Thanks for your feedback; I was looking at the 80" Sharp at Fry's on Labor Day when I went to pick up a couple of Infinity Primus towers for my two channel system (on sale for $99 a piece -- couldn't pass it up) and it was a monster; they had it on display on a fake wall with two rows of seating, but the salesman said it was a blowout model that didn't have the Quattron technology in it, so it was on a massive sale. 

I just don't think we can swing that 80" screen in our living room...:hissyfit:

Do you think I will definitely notice a difference going from the 50" rear projection set I have now to the 70" Sharp? Do you think that will be "enough" to satisfy at 12 feet?


----------



## bxbigpipi

Hey Osage I definitely think you will notice the difference in size!! I've heard quite a few owners love their 80 inch. They say once they get it home and adjust it to their liking it's amazing!! I think you should go for it if you can and let us know what you think.


----------



## bxbigpipi

Sorry 70"


----------



## Osage_Winter

Thanks for your opinion. :T


----------



## NBPk402

Bigger is always better as long as you have a HD signal. Once you go big there is no going back!


----------



## phillihp23

Osage_Winter said:


> Hey again bxb...
> 
> Do you think I will definitely notice a difference going from the 50" rear projection set I have now to the 70" Sharp? Do you think that will be "enough" to satisfy at 12 feet?



Why not just upgrade to a 100" screen for your projector......a lot larger than 80" TV and less expensive upgrade.


----------



## Osage_Winter

ellisr63 said:


> Bigger is always better as long as you have a HD signal. Once you go big there is no going back!

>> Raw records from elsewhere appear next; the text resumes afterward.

(* Let $t$ be even, $c\ge 0$ an integer, and $S\subseteq[n]$ with $|S|\geq n/k^c$. Let $\mathcal B$ be the following system of polynomial constraints in scalar variables $z_r^{i,j}$ ($r\in[n]$, $i,j\in[k]$) and vector variables $v_r\in\mathbb R^d$ ($r\in[n]$): (i) $z_r^{i,j}=(z_r^{i,j})^2$ for all $r,i,j$; (ii) $\sum_{i=1}^k\sum_{j=1}^k z_r^{i,j}=1$ for all $r$; (iii) $z_r^{i,j}z_s^{i,j}(v_r-v_s)=0$ for all $i,j\in[k]$, $r,s\in[n]$; (iv) for all $u\in\mathbb R^d$: $\frac1n\sum_{r=1}^n\langle v_r,u\rangle^t\leq 2\cdot(4t)^{t/2}\|u\|_2^t$. Then for all $i,j\in[k]$, $$\mathcal B\vdash_{O(t)}\ \frac{1}{|S|}\sum_{r\in S}z_r^{i,j}\|v_r\|_2^t\leq 2\cdot k^c\cdot(4t)^{t/2}.$$
   Context: $\mathcal B\vdash_s p\geq 0$ means there is a degree-$s$ sum-of-squares proof: $p$ is a sum of terms $b\cdot\prod q$ with $b$ a sum of squares of polynomials and $q$ ranging over (products of) the constraints, each term of degree at most $s$ (an equality constraint $q=0$ may be used with either sign and multiplied by arbitrary polynomials). The universally quantified constraint (iv) is understood as being certified by a sum-of-squares proof in the variables $u$, so that it may be used in sum-of-squares proofs with $u$ instantiated as any vector whose entries are polynomials of degree at most $2$ in the variables $z_r^{i,j},v_r$. *)

From HB Require Import structures.
From mathcomp Require Import all_boot all_order all_algebra.
From mathcomp Require Import reals.
From mathcomp Require Import mpoly.
Set Implicit Arguments. Unset Strict Implicit. Unset Printing Implicit Defensive.
Import Order.TTheory GRing.Theory Num.Theory.
Local Open Scope ring_scope.

(* Variables: z_r^{i,j} (r<n, i,j<k) and coordinates v_{r,l} (r<n, l<d). *)
Definition var_t (n k d : nat) : finType :=
  (('I_n * 'I_k * 'I_k) + ('I_n * 'I_d))%type.
Definition Nv (n k d : nat) : nat := #|{: var_t n k d}|.

Section Sys.
Variable R : realType.
Variables n k d : nat.
Notation P := {mpoly R[Nv n k d]}.

Definition zvar (r : 'I_n) (i j : 'I_k) : P := 'X_(enum_rank (inl (r, i, j) : var_t n k d)).
Definition vvar (r : 'I_n) (l : 'I_d) : P := 'X_(enum_rank (inr (r, l) : var_t n k d)).

Definition pdeg (p : P) : nat := (msize p).-1.

(* Equality constraints (i),(ii),(iii), as polynomials q with q = 0. *)
Definition eq_constr (q : P) : Prop :=
  (exists r i j, q = zvar r i j ^+ 2 - zvar r i j) \/
  (exists r, q = \sum_(i < k) \sum_(j < k) zvar r i j - 1) \/
  (exists i j r s (l : 'I_d), q = zvar r i j * zvar s i j * (vvar r l - vvar s l)).

(* Inequality constraints (iv) q >= 0, with u instantiated as any vector of
   polynomials of degree at most 2 in the variables z, v. *)
Definition ineq_constr (t : nat) (q : P) : Prop :=
  exists u : 'I_d -> P, (forall l, pdeg (u l) <= 2)%N /\
    q = (2 * (4 * t%:R) ^+ (t %/ 2) : R)%:MP * (\sum_(l < d) u l ^+ 2) ^+ (t %/ 2)
        - (n%:R^-1 : R)%:MP * \sum_(r < n) (\sum_(l < d) vvar r l * u l) ^+ t.

Definition sos_proves (t s : nat) (p : P) : Prop :=
  exists (terms : seq (P * seq P)) (eqs : seq (P * P)),
    [/\ forall a, a \in terms ->
          (forall q, q \in a.2 -> ineq_constr t q) /\
          (2 * pdeg a.1 + \sum_(q <- a.2) pdeg q <= s)%N,
        forall b, b \in eqs -> eq_constr b.2 /\ (pdeg b.1 + pdeg b.2 <= s)%N &
        p = \sum_(a <- terms) a.1 ^+ 2 * \prod_(q <- a.2) q
            + \sum_(b <- eqs) b.1 * b.2].

End Sys.

(* Write z_r for z_r^{i,j}, X_r := ||v_r||^t, K := 2 (4t)^{t/2} and
   Y := sum_{r in S} z_r X_r.  Applying (iv) to u = z_r v_r and multiplying by
   z_r^2 gives, modulo the Boolean constraints (i), K z_r X_r >= (1/n) sum_s
   z_r <v_s, v_r>^t.  Each summand dominates z_r z_s X_r^2: the part
   z_r (1 - z_s) <v_s, v_r>^t is a square modulo (i), and on z_r z_s the
   constraint (iii) identifies v_s with v_r.  Summing over r in S, dropping
   the terms with s outside S and using (iii) once more yields K Y >= Y^2 / n,
   and K (nK - Y) = (nK - Y)^2 / n + (K Y - Y^2 / n) turns this into
   Y <= n K <= |S| k^c K. *)

From HB Require Import structures.
From mathcomp Require Import all_boot all_order all_algebra.
From mathcomp Require Import reals.
From mathcomp Require Import mpoly.
From mathcomp Require Import zify ring.
Set Implicit Arguments. Unset Strict Implicit. Unset Printing Implicit Defensive.
Import Order.TTheory GRing.Theory Num.Theory.
Local Open Scope ring_scope.

Section PolynomialDegree.
Variable R : realType.
Variables n k d : nat.
Implicit Types p q : {mpoly R[Nv n k d]}.

Lemma pdegC (c : R) : pdeg (c%:MP : {mpoly R[Nv n k d]}) = 0%N.
Proof. by rewrite /pdeg msizeC; case: (c != 0). Qed.

Lemma pdeg1 : pdeg (1 : {mpoly R[Nv n k d]}) = 0%N.
Proof. by rewrite -mpolyC1 pdegC. Qed.

Lemma pdegXvar (x : 'I_(Nv n k d)) : pdeg ('X_x : {mpoly R[Nv n k d]}) = 1%N.
Proof. by rewrite /pdeg msizeX mdeg1. Qed.

Lemma pdegN p : pdeg (- p) = pdeg p.
Proof. by rewrite /pdeg msizeN. Qed.

Lemma pdegD_le p q a : (pdeg p <= a -> pdeg q <= a -> pdeg (p + q) <= a)%N.
Proof. by rewrite /pdeg => hp hq; have := msizeD_le p q; lia. Qed.
Lemma modular_compl A : f A + f (setC A) = f setT + f set0.
Proof.
  rewrite (modular_subset A setT) by (intros x _; exact I).
  replace (setD setT A) with (setC A); [lia |].
  apply set_ext; intro x; tauto.
Qed.

Lemma modular_remove_point U x :
  U x -> f (setD U (set1 x)) = f U - f (set1 x) + f set0.
Proof.
  intros Ux; rewrite (modular_subset (set1 x) U); [lia |].
  intros y e; subst y; exact Ux.
Qed.

Lemma modular_two_points S :
  (forall B C, subset B C -> f C <= f B) ->
  f S = f set0 - 2 -> (forall x, S x -> f (set1 x) = f set0 - 1) ->
  exists a b, a <> b /\ forall x, S x <-> x = a \/ x = b.
Proof.
  intros Hanti HS Hpt.
  destruct (inhabited_of_neq_empty f S) as [a Sa]; [lia |].
  assert (HS1 : f (setD S (set1 a)) = f set0 - 1)
    by (rewrite (modular_remove_point _ _ Sa), (Hpt a Sa); lia).
  destruct (inhabited_of_neq_empty f (setD S (set1 a))) as [b [Sb nba]]; [blia |].
  assert (HS2 : f (setD (setD S (set1 a)) (set1 b)) = f set0)
    by (rewrite (modular_remove_point _ b (conj Sb nba)), HS1, (Hpt b Sb); lia).
  exists a, b; split; [intros e; subst b; exact (nba eq_refl) |].
  intros x; split.
  - intros Sx; apply NNPP; intros Hx.
    assert (Hsub : subset (set1 x) (setD (setD S (set1 a)) (set1 b)))
      by (intros y e; subst y; tauto).
    pose proof (Hanti _ _ Hsub); pose proof (Hpt x Sx); lia.
  - intros [e | e]; subst x; [exact Sa | exact Sb].
Qed.

Lemma modular_monotone B C :
  (forall A, f set0 <= f A) -> subset B C -> f B <= f C.
Proof.
  intros Hmin HBC; rewrite (modular_subset B C HBC).
  pose proof (Hmin (setD C B)); lia.
Qed.

Lemma modular_antitone B C :
  (forall A, f A <= f set0) -> subset B C -> f C <= f B.
Proof.
  intros Hmax HBC; rewrite (modular_subset B C HBC).
  pose proof (Hmax (setD C B)); lia.
Qed.

Definition mass_one (Y : X -> Prop) : (X -> Prop) -> Prop :=
  fun B => subset B Y /\ f B - f set0 = 1.
(* Let $\tau=\tau_1\ldots\tau_k\in\mathcal{S}_k$ and $0\le j\le k\le n$. The number of involutions $\pi\in\mathcal{S}_n$ that contain $\tau$ as a subsequence and that map exactly $j$ elements of $[k]$ into $[k]$ equals $\binom{n-k}{k-j}t_{n-2k+j}$ if either $j=0$ or the pattern of $\tau_1\ldots\tau_j$ is an involution in $\mathcal{S}_j$, and equals $0$ otherwise.
   Context: $[k]=\{1,\ldots,k\}$. $t_m$ denotes the number of involutions in $\mathcal{S}_m$ ($t_0=1$); when $k-j>n-k$ the binomial coefficient is $0$ and the term is $0$. A permutation $\pi=\pi_1\ldots\pi_n$ contains $\tau$ as a subsequence if there are indices $i_1<\cdots<i_k$ with $\pi_{i_r}=\tau_r$ for all $r$. The pattern of a word of $j$ distinct letters is the word obtained by the order-preserving relabeling of its letters by $[j]$. *)

From mathcomp Require Import all_boot all_order all_fingroup.
Set Implicit Arguments. Unset Strict Implicit. Unset Printing Implicit Defensive.

(* Permutations of [n] are modelled by 'S_n = {perm 'I_n}, with values
   shifted to {0,...,n-1}.  The one-line word of s : 'S_n is
   s(0) s(1) ... s(n-1) (as a sequence of nats). *)
Definition perm_word (n : nat) (s : 'S_n) : seq nat :=
  [seq val (s i) | i <- enum 'I_n].

Definition is_involution (n : nat) (s : 'S_n) : bool := (s * s == 1)%g.

Definition t (m : nat) : nat := #|[set s : 'S_m | is_involution s]|.

Definition contains_subseq (n k : nat) (pi : 'S_n) (tau : 'S_k) : bool :=
  subseq (perm_word tau) (perm_word pi).

Definition nb_into (n k : nat) (pi : 'S_n) : nat :=
  #|[set i : 'I_n | (val i < k) && (val (pi i) < k)]|.
Lemma psum_event_cylinders (c : pred nat) :
  [set w | c (psum n w)] =
  \bigcup_(b in [set` [pred b : word | c (psum n (pad b))]]) prefix_cyl n (pad b).
Proof.
apply/seteqP; split => w /=.
  move=> cw; exists (word_prefix w); last by move=> i /pad_word_prefix.
  by rewrite /= inE (psum_prefix (pad_word_prefix w)).
by move=> [b]; rewrite /= inE => cb /psum_prefix ->.
Qed.

End Words.

Lemma measure_pad_cylinders (R : realType) (P : probability coinT R)
    (HP : iid_uniform P) n (D : {pred {ffun 'I_n -> bool}}) :
  P (\bigcup_(b in [set` D]) prefix_cyl n (pad b) : set coinT) =
  (#|D|%:R / 2 ^+ n)%:E.
Proof.
rewrite measure_fin_bigcup //.
- rewrite -(@bigfs _ _ _ _ (enum {ffun 'I_n -> bool})) ?enum_uniq //; last first.
    by move=> b _; rewrite mem_enum.
  rewrite big_enum_cond /=; under eq_bigr do rewrite HP.
  by rewrite sumEFin sumr_const -exprVn mulr_natl.
- move=> b b' _ _ [w [wb wb']]; apply/ffunP => j.
  by rewrite -!pad_ord -wb // -wb'.
- by move=> b _; apply: sub_sigma_algebra; exists n, (pad b).
Qed.

Lemma measure_psum_event (R : realType) (P : probability coinT R)
    (HP : iid_uniform P) n (c : pred nat) :
  P ([set w | c (psum n w)] : set coinT) =
  (#|[pred q : {ffun 'I_n -> bool} | c (\sum_(k < n) q k)%N]|%:R / 2 ^+ n)%:E.
Proof. by rewrite psum_event_cylinders measure_pad_cylinders // card_psum_pad. Qed.

Lemma card_sum_bits_le (R : realType) n (mu t : R) (c : pred nat) :
  (forall m, c m -> mu * t <= mu * m%:R) ->
  #|[pred q : {ffun 'I_n -> bool} | c (\sum_(k < n) q k)%N]|%:R
    <= expR (- (mu * t)) * (1 + expR mu) ^+ n.
Proof.
move=> Hc; rewrite -sum1_card natr_sum big_mkcond /=.
apply: (@le_trans _ _ (\sum_(q : {ffun 'I_n -> bool})
           expR (mu * (\sum_(k < n) q k)%N%:R - mu * t))).
  apply: ler_sum => q _; rewrite inE /=; case: ifP => [cq|_]; last exact: expR_ge0.
  by rewrite -[X in X <= _]expR0 ler_expR subr_ge0 Hc.
have -> : 1 + expR mu = \sum_(b : bool) expR (mu * (nat_of_bool b)%:R).
  by rewrite big_bool /= mulr1 mulr0 expR0 addrC.
have -> : forall y : R, y ^+ n = \prod_(k < n) y.
  by move=> y; rewrite prodr_const card_ord.
rewrite bigA_distr_bigA mulr_sumr.
apply: ler_sum => q _; rewrite addrC expRD; apply: ler_wpM2l; first exact: expR_ge0.
by rewrite natr_sum mulr_sumr expR_sum.
Qed.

I realize that, but I'm specifically concerned with seeing a difference between 50 and 70 inches.


----------



## Osage_Winter

phillihp23 said:


> Why not just upgrade to a 100" screen for your projector......a lot larger than 80" TV and less expensive upgrade.


Not possible in our room and with our budget, in the way I'd want to do it (a motorized screen over the TV, etc.). We are strictly looking at direct-view, one-piece television displays.


----------



## TheOtherChris

I am going from a 57" RPTV to a 70" Sharp LCD.
It will be delivered tomorrow.
I will try to give my impressions after set up.


----------



## Osage_Winter

That would be most appreciated, Chris! Please do! 

Enjoy your set and congratulations.


----------



## bxbigpipi

Hey Chris did you get the tv yet? If so let us know what you think. What settings did you use, the cnet ones or the YouTube ones?


----------



## Osage_Winter

I believe he said he'd have it tomorrow (Saturday) based on where he is in the world...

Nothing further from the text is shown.